Identität und Konstruktion

08 Feb 2007 von Stefan Höltgen

Film ist ein Identitätsstifter – Spielfilmhandlung generiert Charaktere, füllt den Filmkörper mit einer (Lebens)Geschichte und Identität. Erst durch die Herstellung authentischer Figuren ermöglicht der Film es, beim Zuschauer Empathie zu wecken. Diese kann so weit reichen, dass die Figuren in der Problematisierung ihrer Identitäten zu Spiegelbildern für den Betrachter werden und darüber hinaus einige Zusammenhänge von Individuum und Gesellschaft oder Individuum und Kunst aufzeigen.

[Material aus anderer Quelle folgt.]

(* Let $G$ be a regular graph on $n$ vertices. Then there is an ordering of the edges of $G$ such that any $n/12$ consecutive edges in this ordering form a matching. *)

From HB Require Import structures.
From mathcomp Require Import all_boot.
Set Implicit Arguments. Unset Strict Implicit. Unset Printing Implicit Defensive.

Definition simple_graph (T : finType) (e : rel T) : Prop :=
  symmetric e /\ irreflexive e.

Definition nbhd (T : finType) (e : rel T) (x : T) : {set T} := [set y | e x y].
Definition regular (T : finType) (e : rel T) : Prop :=
  exists d : nat, forall x : T, #|nbhd e x| = d.

Definition edge_set (T : finType) (e : rel T) : {set {set T}} :=
  [set [set x; y] | x in T, y in [pred y | e x y]].

Definition edge_ordering (T : finType) (e : rel T) (s : seq {set T}) : Prop :=
  uniq s /\ forall A : {set T}, (A \in s) = (A \in edge_set e).

Definition consecutive_matching (T : finType) (k : nat) (s : seq {set T}) : Prop :=
  forall i j : nat, i < j -> j < size s -> j - i + 1 <= k ->
    [disjoint nth set0 s i & nth set0 s j].

From HB Require Import structures.
From mathcomp Require Import all_boot zify.
Set Implicit Arguments. Unset Strict Implicit. Unset Printing Implicit Defensive.

(* Colour the edges greedily with 2d colours: an edge meets at most 2d - 2 others.
   Then make the colouring equitable.  If two classes differ in size by more than
   one, their union has maximum degree two and splits into two matchings whose sizes
   differ by at most one: peel off an isolated edge, or a pendant edge together with
   its neighbour, and induct; if no vertex has degree one, both matchings cover the
   same vertices and are already of equal size.  Recolouring the two classes this way
   lowers the sum of the squared class sizes.  As n d = 2 |E|, every class then has at
   least n/4 - 1 >= 3 (n/12 - 1) edges.  Finally list the classes one after another,
   each class starting with those of its edges that meet one of the first n/12 - 1
   edges listed after it; a matching meets an edge in at most two edges, so these are
   at most 2 (n/12 - 1), and every n/12 consecutive edges form a matching. *)

Section Matchings.

Variable T : finType.
Implicit Types (x y z : T) (f g h u : {set T}) (A B H M P Q : {set {set T}}).

Definition incident H x := [set g in H | x \in g].

Lemma incidentU A B x : incident (A :|: B) x = incident A x :|: incident B x.
Proof. by apply/setP => g; rewrite !inE andb_orl. Qed.

Lemma incidentD1 H f x : incident (H :\ f) x = incident H x :\ f.
Proof. by apply/setP => g; rewrite !inE andbA. Qed.

Lemma card_incident_le1 M x : trivIset M -> #|incident M x| <= 1.
Proof.
move/trivIsetP => tiM; apply/card_le1_eqP => g h; rewrite !inE.
move=> /andP[gM xg] /andP[hM xh].
by apply: contraTeq xh => ne; rewrite (disjointFl (tiM h g hM gM ne) xg).
Qed.

Lemma card_incident_setU_le2 A B x :
  trivIset A -> trivIset B -> #|incident (A :|: B) x| <= 2.
Proof.
move=> /(card_incident_le1 x) tiA /(card_incident_le1 x) tiB.
by rewrite incidentU (leq_trans (leq_card_setU _ _)) // -[2]/(1 + 1) leq_add.
Qed.

Lemma disjoint_set2 x y g : [disjoint [set x; y] & g] = (x \notin g) && (y \notin g).
Proof. by rewrite !disjoints_subset subUset !sub1set !inE. Qed.

Lemma set2_of_mem f x : #|f| = 2 -> x \in f -> exists y, f = [set x; y].
Proof.
move=> /eqP/cards2P[a [b [_ ->]]]; rewrite !inE => /orP[]/eqP->; first by exists b.
by exists a; rewrite setUC.
Qed.

Lemma incident_eq_set2 H x f g :
  #|incident H x| <= 2 -> f \in incident H x -> g \in incident H x -> f != g ->
  incident H x = [set f; g].
Proof.
move=> le2 fx gx fg; apply/esym/eqP; rewrite eqEcard subUset !sub1set fx gx.
by rewrite cards2 fg.
Qed.

Lemma card_cover_set2 M :
  trivIset M -> {in M, forall g, #|g| = 2} -> #|cover M| = 2 * #|M|.
Proof.
move=> /eqP <- M2; rewrite (eq_bigr (fun _ => 2)) //.
by rewrite sum_nat_const mulnC.
Qed.

Lemma cover_subset_leafless A B :
  (forall x, #|incident (A :|: B) x| != 1) -> trivIset A -> cover A \subset cover B.
Proof.
move=> leafless /trivIsetP tiA; apply/subsetP => x /bigcupP[g gA xg].
have gx : g \in incident (A :|: B) x by rewrite !inE gA xg.
have [h] : exists h, h \in incident (A :|: B) x :\ g.
  apply/set0Pn; rewrite -cards_eq0; move: (leafless x).
  by rewrite (cardsD1 g) gx; case: #|_|.
rewrite !inE => /and3P[hg /orP[hA | hB] xh]; last by apply/bigcupP; exists h.
by rewrite (disjointFr (tiA h g hA gA hg) xh) in xg.
Qed.

Lemma sum_card_incident H :
  \sum_x #|incident H x| = \sum_(g in H) #|g|.
Proof.
under eq_bigr => x _ do rewrite -sum1_card big_mkcond /=.
rewrite exchange_big [RHS]big_mkcond /=; apply: eq_bigr => g _.
have [gH | gNH] := boolP (g \in H); last by rewrite big1 // => x _; rewrite inE (negbTE gNH).
by rewrite -sum1_card [RHS]big_mkcond; apply: eq_bigr => x _; rewrite !inE gH.
Qed.

Definition meeting H h := [set g in H | ~~ [disjoint g & h]].

Lemma meeting_set2 H x y : meeting H [set x; y] = incident H x :|: incident H y.
Proof.
by apply/setP => g; rewrite !inE disjoint_sym disjoint_set2 negb_and !negbK andb_orr.
Qed.

Lemma card_meeting_le2 M h : trivIset M -> #|h| = 2 -> #|meeting M h| <= 2.
Proof.
move=> tiM /eqP/cards2P[x [y [_ ->]]]; rewrite meeting_set2.
rewrite (leq_trans (leq_card_setU _ _)) // -[2]/(1 + 1).
by rewrite leq_add ?card_incident_le1.
Qed.

Lemma card_meeting_has M hs :
  trivIset M -> {in hs, forall h, #|h| = 2} ->
  #|[set g in M | has (fun h => ~~ [disjoint g & h]) hs]| <= 2 * size hs.
Proof.
move=> tiM; elim: hs => [|h hs IHhs] hs2.
  by rewrite eq_card0 // => g; rewrite !inE andbF.
have -> : [set g in M | has (fun h => ~~ [disjoint g & h]) (h :: hs)] =
    meeting M h :|: [set g in M | has (fun h => ~~ [disjoint g & h]) hs].
  by apply/setP => g; rewrite !inE /= andb_orr.
rewrite (leq_trans (leq_card_setU _ _)) // mulnS leq_add //.
  by rewrite card_meeting_le2 // hs2 ?mem_head.
by rewrite IHhs // => h' h'hs; rewrite hs2 // in_cons h'hs orbT.
Qed.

Pretending to be someone: Ad Lib Night (Süd Korea 2006, Lee Yoon-ki) (Forum)

Drei Männer treffen in Seoul auf eine junge Frau, die sie für die von ihnen gesuchte Myun-geun Ko halten. Deren Vater liegt im Sterben und will seine Tochter ein letztes Mal sehen. Weil die junge Frau jedoch abstreitet, die gesuchte Person zu sein und der Tod des Vaters in greifbarer Nähe ist, bitten die jungen Männer die Frau, wenigstens für einen Abend in die Rolle der Gesuchten zu schlüpfen: Sie soll lediglich die Hand Komatösen halten und sich für ihre jahrelange Abwesenheit entschuldigen. Sie lässt sich darauf ein und fährt mit ihnen in die Provinz. Dort hat sich die Familie brereits um den Sterbenden versammelt. Lange nicht gesehene Verwandte, die im Verdacht stehen, nur auf die Erbschaft aus zu sein ebenso wie Menschen, deren Leben eng mit dem des Sterbenden verbunden ist. Die Streitigkeiten und Konflikte, in deren Zentrum immer wieder unbeteiligt das fremde Mädchen aus Seoul gerät, werden von Zeit zu Zeit unterbrochen, wenn es neue Meldungen aus dem Krankenzimmer des Vaters gibt. Der Sterbeprozess zieht sich jedoch hin, man beginnt zu kochen und zu essen. Das Mädchen schaut sich indes im ehemaligen Lebensraum der gesuchten Tochter um und ahnt ein wenig, warum sie die Familie verlassen hat. Als dann der Vater dem Tod gegenübersteht, geht sie ohne Zwang zu diesem, nimmt seine Hand und bittet um Verzeihung. Bei ihrer Rückkehr am nächsten Morgen nach Seoul erfahren wir, dass sie selbst sich ebenfalls von ihrer Familie losgesagt hat und jetzt einsam lebt – so einsam, dass sie sich als Gelegenheitsprostituierte verdingt, um wenigstens auf diese Weise soziale Kontakte zu bekommen. Die erste Handlung nach ihrer Rückkehr ist ein Anruf bei ihrer Familie.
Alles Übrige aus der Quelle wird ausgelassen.